___ MATERIAL SHOWN ___

(* The $\mathbf{k}$-algebra homomorphism $A:\mathcal{X}\to\mathcal{Q}$ satisfies $A(\mathcal{J})=0$; equivalently, $A\big(x_{i,j}x_{j,k}-x_{i,k}(x_{i,j}+x_{j,k}+\beta)-\alpha\big)=0$ for all $1\le i<j<k\le n$.
   Context: Let $\mathbf{k}$ be a commutative ring, let $\beta,\alpha\in\mathbf{k}$, and let $n$ be a positive integer; write $[m]=\{1,2,\dots,m\}$. Let $\mathcal{X}=\mathbf{k}[x_{i,j}\mid 1\le i<j\le n]$ be the polynomial ring over $\mathbf{k}$ in the indeterminates $x_{i,j}$. Let $\mathcal{J}$ be the ideal of $\mathcal{X}$ generated by all elements $x_{i,j}x_{j,k}-x_{i,k}(x_{i,j}+x_{j,k}+\beta)-\alpha$ for $1\le i<j<k\le n$. Laurent series: for symbols $r_1,\dots,r_n$, a Laurent series over $\mathbf{k}$ is a formal sum $f=\sum_{a\in\mathbb{Z}^n}\lambda_a r_1^{a_1}\cdots r_n^{a_n}$ ($\lambda_a\in\mathbf{k}$) for which there is $d\in\mathbb{Z}$ such that $\lambda_a=0$ whenever some $a_i<d$. Let $\mathcal{Q}$ be the $\mathbf{k}$-algebra of all such Laurent series with the usual multiplication of series (each coefficient of a product is a finite sum); it contains $\mathbf{k}[[r_1,\dots,r_n]]$ and is given the coefficientwise (product) topology with $\mathbf{k}$ discrete. For $i\in[n]$ put $q_i=r_ir_{i+1}\cdots r_n$; the $q_i$ are invertible in $\mathcal{Q}$, every Laurent monomial $r_1^{b_1}\cdots r_n^{b_n}$ is uniquely of the form $q_1^{a_1}\cdots q_n^{a_n}$ with $a\in\mathbb{Z}^n$, and for $i<j$ one has $q_i/q_j=r_ir_{i+1}\cdots r_{j-1}$, so $1-q_i/q_j$ is invertible in $\mathbf{k}[[r_1,\dots,r_n]]$. Let $A:\mathcal{X}\to\mathcal{Q}$ be the $\mathbf{k}$-algebra homomorphism with $A(x_{i,j})=-\dfrac{q_i+\beta+\alpha/q_j}{1-q_i/q_j}$ for $1\le i<j\le n$. *)

(* Multivariate Laurent series in r_1..r_n (exponents bounded
   below), as in the paper, built by hand: mathcomp has no multivariate series. *)
From HB Require Import structures.
From mathcomp Require Import all_boot all_order all_algebra.
From Stdlib Require Import ClassicalEpsilon.
Set Implicit Arguments. Unset Strict Implicit. Unset Printing Implicit Defensive.
Import Order.TTheory GRing.Theory Num.Theory.
Local Open Scope ring_scope.

Section Laurent.
Variables (R : comPzRingType) (n : nat).

(* exponent vectors a in Z^n; index l : 'I_n stands for the symbol r_(l+1) *)
Definition expo := {ffun 'I_n -> int}.

Definition ser := expo -> R.

Definition bounded_by (f : ser) (d : int) : Prop :=
  forall a : expo, (exists i, a i < d) -> f a = 0.
Definition is_laurent (f : ser) : Prop := exists d : int, bounded_by f d.

(* a chosen lower bound (valid whenever f is a Laurent series) *)
Definition lb (f : ser) : int := epsilon (inhabits 0%Z) (bounded_by f).

Definition zeroS : ser := fun _ => 0.
Definition constS (c : R) : ser := fun a => if a == [ffun _ => 0%Z] then c else 0.
Definition oneS : ser := constS 1.
Definition monoS (e : expo) : ser := fun a => if a == e then 1 else 0.
Definition addS (f g : ser) : ser := fun a => f a + g a.
Definition oppS (f : ser) : ser := fun a => - f a.
Definition subS (f g : ser) : ser := addS f (oppS g).

(* product: coefficient of r^c is the finite sum over a + b = c with
   a_i >= lb f and b_i >= lb g, i.e. a_i = lb f + k_i, 0 <= k_i <= c_i - lb f - lb g *)
Definition mulS (f g : ser) : ser := fun c =>
  let d1 := lb f in let d2 := lb g in
  let N := (\max_(i < n) absz ((c i - d1 - d2)%R)).+1 in
  \sum_(k : {ffun 'I_n -> 'I_N} | [forall i, d1 + (k i)%:Z + d2 <= c i])
     f [ffun i => d1 + (k i)%:Z] * g [ffun i => c i - (d1 + (k i)%:Z)].

(* inverse in Q (a chosen Laurent series g with f g = 1, when one exists) *)
Definition invS (f : ser) : ser :=
  epsilon (inhabits zeroS) (fun g => is_laurent g /\ mulS f g = oneS).
Definition divS (f g : ser) : ser := mulS f (invS g).

Definition qS (i : 'I_n) : ser :=
  monoS [ffun l : 'I_n => if (i <= l)%N then 1%Z else 0%Z].

Definition Ax (beta alpha : R) (i j : 'I_n) : ser :=
  oppS (divS (addS (addS (qS i) (constS beta)) (divS (constS alpha) (qS j)))
             (subS oneS (divS (qS i) (qS j)))).

End Laurent.

From HB Require Import structures.
From mathcomp Require Import all_boot all_order all_algebra zify ring.
From mathcomp Require Import boolp.
From Stdlib Require Import ClassicalEpsilon.
Set Implicit Arguments. Unset Strict Implicit. Unset Printing Implicit Defensive.
Import Order.TTheory GRing.Theory Num.Theory.
Local Open Scope ring_scope.

(* The Laurent series with exponents bounded below form a commutative ring, in
   which q_j = r_j ... r_n is an invertible monomial and 1 - q_i/q_j = 1 - r_i ... r_(j-1)
   is inverted by the geometric series.  Hence x_ij := A(x_(i,j)) satisfies
   x_ij (q_j - q_i) = -(q_i q_j + beta q_j + alpha); multiplied by
   (q_j - q_i)(q_k - q_j)(q_k - q_i), the relation becomes a polynomial identity
   in the q's, and these three factors are units. *)

Lemma mulr_neq0_factors (R : pzSemiRingType) (x y : R) :
  x * y != 0 -> x != 0 /\ y != 0.
Proof.
by move=> xy; split; apply: contraNneq xy => ->; rewrite ?mul0r ?mulr0.
Qed.

Lemma big_seq_support (V : nmodType) (T : eqType) (F : T -> V) (s1 s2 : seq T) :
  uniq s1 -> uniq s2 ->
  (forall x, F x != 0 -> x \in s1) -> (forall x, F x != 0 -> x \in s2) ->
  \sum_(x <- s1) F x = \sum_(x <- s2) F x.
Proof.
move=> u1 u2 h1 h2.
have supp s : \sum_(x <- s) F x = \sum_(x <- [seq x <- s | F x != 0]) F x.
  by rewrite big_filter [RHS]big_mkcond; apply: eq_bigr => x _; case: eqP => // ->.
rewrite (supp s1) (supp s2); apply/perm_big/uniq_perm; rewrite ?filter_uniq //.
by move=> x; rewrite !mem_filter; case: (F x != 0) (h1 x) (h2 x) => //= -> // ->.
Qed.

Lemma ler_bigmax_absz (n : nat) (F : 'I_n -> int) (i : 'I_n) :
  F i <= (\max_(j < n) `|F j|%N)%:Z.
Proof.
apply: le_trans (ler_norm (F i)) _.
by rewrite -abszE lez_nat (leq_bigmax (F := fun j => `|F j|%N)).
Qed.

Section TriangleRelation.
Variables (R : comPzRingType) (alpha beta : R).

Lemma mul_sub_of_inverses (qi qj pj w : R) :
  qj * pj = 1 -> (1 - qi * pj) * w = 1 -> (qj - qi) * (pj * w) = 1.
Proof. by move=> qp qw; rewrite -qw -qp; ring. Qed.

Lemma mul_sub_of_quotient (qi qj pj w : R) :
  qj * pj = 1 -> (1 - qi * pj) * w = 1 ->
  - ((qi + beta + alpha * pj) * w) * (qj - qi) = - (qi * qj + beta * qj + alpha).
Proof.
move=> qp qw.
transitivity (- ((qi + beta + alpha * pj) * qj) * ((qj - qi) * (pj * w))).
  by rewrite -[LHS]mulr1 -qp; ring.
by rewrite mul_sub_of_inverses // mulr1 -[alpha in RHS]mulr1 -qp; ring.
Qed.

Lemma triangle_relation (qi qj qk dij djk dik xij xjk xik : R) :
  (qj - qi) * dij = 1 -> (qk - qj) * djk = 1 -> (qk - qi) * dik = 1 ->
  xij * (qj - qi) = - (qi * qj + beta * qj + alpha) ->
  xjk * (qk - qj) = - (qj * qk + beta * qk + alpha) ->
  xik * (qk - qi) = - (qi * qk + beta * qk + alpha) ->
  xij * xjk - xik * (xij + xjk + beta) - alpha = 0.
Proof.
move=> uij ujk uik hij hjk hik.
set E := _ - alpha.
have E0 : E * (qj - qi) * (qk - qj) * (qk - qi) = 0.
  transitivity ((xij * (qj - qi)) * (xjk * (qk - qj)) * (qk - qi)
     - (xik * (qk - qi)) * (xij * (qj - qi)) * (qk - qj)
     - (xik * (qk - qi)) * (xjk * (qk - qj)) * (qj - qi)
     - beta * (xik * (qk - qi)) * (qj - qi) * (qk - qj)
     - alpha * (qj - qi) * (qk - qj) * (qk - qi)); first by rewrite /E; ring.
  by rewrite hij hjk hik; ring.
transitivity (E * ((qj - qi) * dij) * ((qk - qj) * djk) * ((qk - qi) * dik)).
  by rewrite uij ujk uik !mulr1.
transitivity (E * (qj - qi) * (qk - qj) * (qk - qi) * (dij * djk * dik)); first ring.
by rewrite E0 mul0r.
Qed.
End TriangleRelation.

Section LaurentSeries.
Variables (R : comPzRingType) (n : nat).
Local Notation expo := (expo n).
Local Notation ser := (ser R n).

Lemma bounded_by_le (f : ser) (d d' : int) :
  bounded_by f d -> d' <= d -> bounded_by f d'.
Proof. by move=> fd le a [i lt]; apply: fd; exists i; lia. Qed.

Lemma laurent_common_bound (f g h : ser) :
  is_laurent f -> is_laurent g -> is_laurent h ->
  exists d, [/\ bounded_by f d, bounded_by g d & bounded_by h d].
Proof.
move=> [d1 fd1] [d2 gd2] [d3 hd3]; exists (Num.min d1 (Num.min d2 d3)).
by split; [apply: bounded_by_le fd1 _ | apply: bounded_by_le gd2 _ | apply: bounded_by_le hd3 _];
  rewrite !ge_min lexx ?orbT.
Qed.

Lemma lbP (f : ser) : is_laurent f -> bounded_by f (lb f).
Proof. exact: epsilon_spec. Qed.

Lemma bounded_by_neq0 (f : ser) (d : int) (a : expo) (i : 'I_n) :
  bounded_by f d -> f a != 0 -> d <= a i.
Proof. by move=> fd; apply: contraNle => lt; apply/eqP/fd; exists i. Qed.

Lemma expo_subE (c a : expo) (i : 'I_n) : (c - a) i = c i - a i.
Proof. by rewrite !ffunE. Qed.

Lemma expo_addE (a b : expo) (i : 'I_n) : (a + b) i = a i + b i.
Proof. by rewrite !ffunE. Qed.

Lemma box_bound (c : expo) (d : int) : exists M : nat, forall i, c i <= d + M%:Z.
Proof.
exists (\max_(i < n) absz (c i - d)%R) => i.
by have := ler_bigmax_absz (fun i => c i - d) i; lia.
Qed.

Definition box (d : int) (M : nat) : seq expo :=
  map (fun k : {ffun 'I_n -> 'I_M.+1} => [ffun i => d + (k i)%:Z])
      (enum {ffun 'I_n -> 'I_M.+1}).

Lemma box_uniq (d : int) (M : nat) : uniq (box d M).
Proof.
rewrite map_inj_uniq ?enum_uniq // => k k' /ffunP eq_kk'.
by apply/ffunP => i; apply: val_inj; move: (eq_kk' i); rewrite !ffunE => /addrI [].
Qed.

Lemma mem_box (d : int) (M : nat) (a : expo) :
  (a \in box d M) <-> (forall i, d <= a i <= d + M%:Z).
Proof.
split=> [/mapP [k _ ->] i | a_in].
  by rewrite ffunE lerDl lerD2l le0z_nat lez_nat -ltnS ltn_ord.
apply/mapP; exists [ffun i => inord `|a i - d|%N]; first by rewrite mem_enum.
apply/ffunP => i; have /andP [lo hi] := a_in i.
have da : (`|a i - d|%N)%:Z = a i - d by rewrite abszE ger0_norm ?subr_ge0.
have ltM : (`|a i - d| < M.+1)%N by rewrite ltnS -lez_nat da; lia.
by rewrite !ffunE inordK // da addrC subrK.
Qed.

Lemma mulS_support_box (f g : ser) (c : expo) (d1 d2 : int) (M : nat) :
  bounded_by f d1 -> bounded_by g d2 -> (forall i, c i <= d1 + d2 + M%:Z) ->
  forall a, f a * g (c - a) != 0 -> a \in box d1 M.
Proof.
move=> fd1 gd2 cM a /mulr_neq0_factors [fa gca]; apply/mem_box => i.
have := bounded_by_neq0 i fd1 fa; have := bounded_by_neq0 i gd2 gca.
by rewrite expo_subE; have := cM i; lia.
Qed.

Lemma mulS_sum (f g : ser) (c : expo) (s : seq expo) :
  is_laurent f -> is_laurent g -> uniq s ->
  (forall a, f a * g (c - a) != 0 -> a \in s) ->
  mulS f g c = \sum_(a <- s) f a * g (c - a).
Proof.
move=> /lbP fd1 /lbP gd2 us supp; rewrite /mulS.
set M := (\max_(i < n) _)%N.
have cM i : c i <= lb f + lb g + M%:Z.
  by have := ler_bigmax_absz (fun i => c i - lb f - lb g) i; lia.
rewrite (big_seq_support us (box_uniq _ M) supp (mulS_support_box fd1 gd2 cM)).
rewrite big_map big_mkcond big_enum /=; apply: eq_bigr => k _.
have -> : [ffun i => c i - (lb f + (k i)%:Z)] = c - [ffun i => lb f + (k i)%:Z].
  by apply/ffunP => i; rewrite !ffunE.
case: ifP => // /forallPn [i lt].
by rewrite gd2 ?mulr0 //; exists i; rewrite expo_subE ffunE; lia.
Qed.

___

[TASK DETAILS]
Start with the line above that contains "x_ij (q_j - q_i)" and stop after the line that contains "move=> u1 u2 h1 h2.". Output those lines exactly, and only those.

[SOLUTION FOR THIS EXERCISE]
   x_ij (q_j - q_i) = -(q_i q_j + beta q_j + alpha); multiplied by
   (q_j - q_i)(q_k - q_j)(q_k - q_i), the relation becomes a polynomial identity
   in the q's, and these three factors are units. *)

Lemma mulr_neq0_factors (R : pzSemiRingType) (x y : R) :
  x * y != 0 -> x != 0 /\ y != 0.
Proof.
by move=> xy; split; apply: contraNneq xy => ->; rewrite ?mul0r ?mulr0.
Qed.

Lemma big_seq_support (V : nmodType) (T : eqType) (F : T -> V) (s1 s2 : seq T) :
  uniq s1 -> uniq s2 ->
  (forall x, F x != 0 -> x \in s1) -> (forall x, F x != 0 -> x \in s2) ->
  \sum_(x <- s1) F x = \sum_(x <- s2) F x.
Proof.
move=> u1 u2 h1 h2.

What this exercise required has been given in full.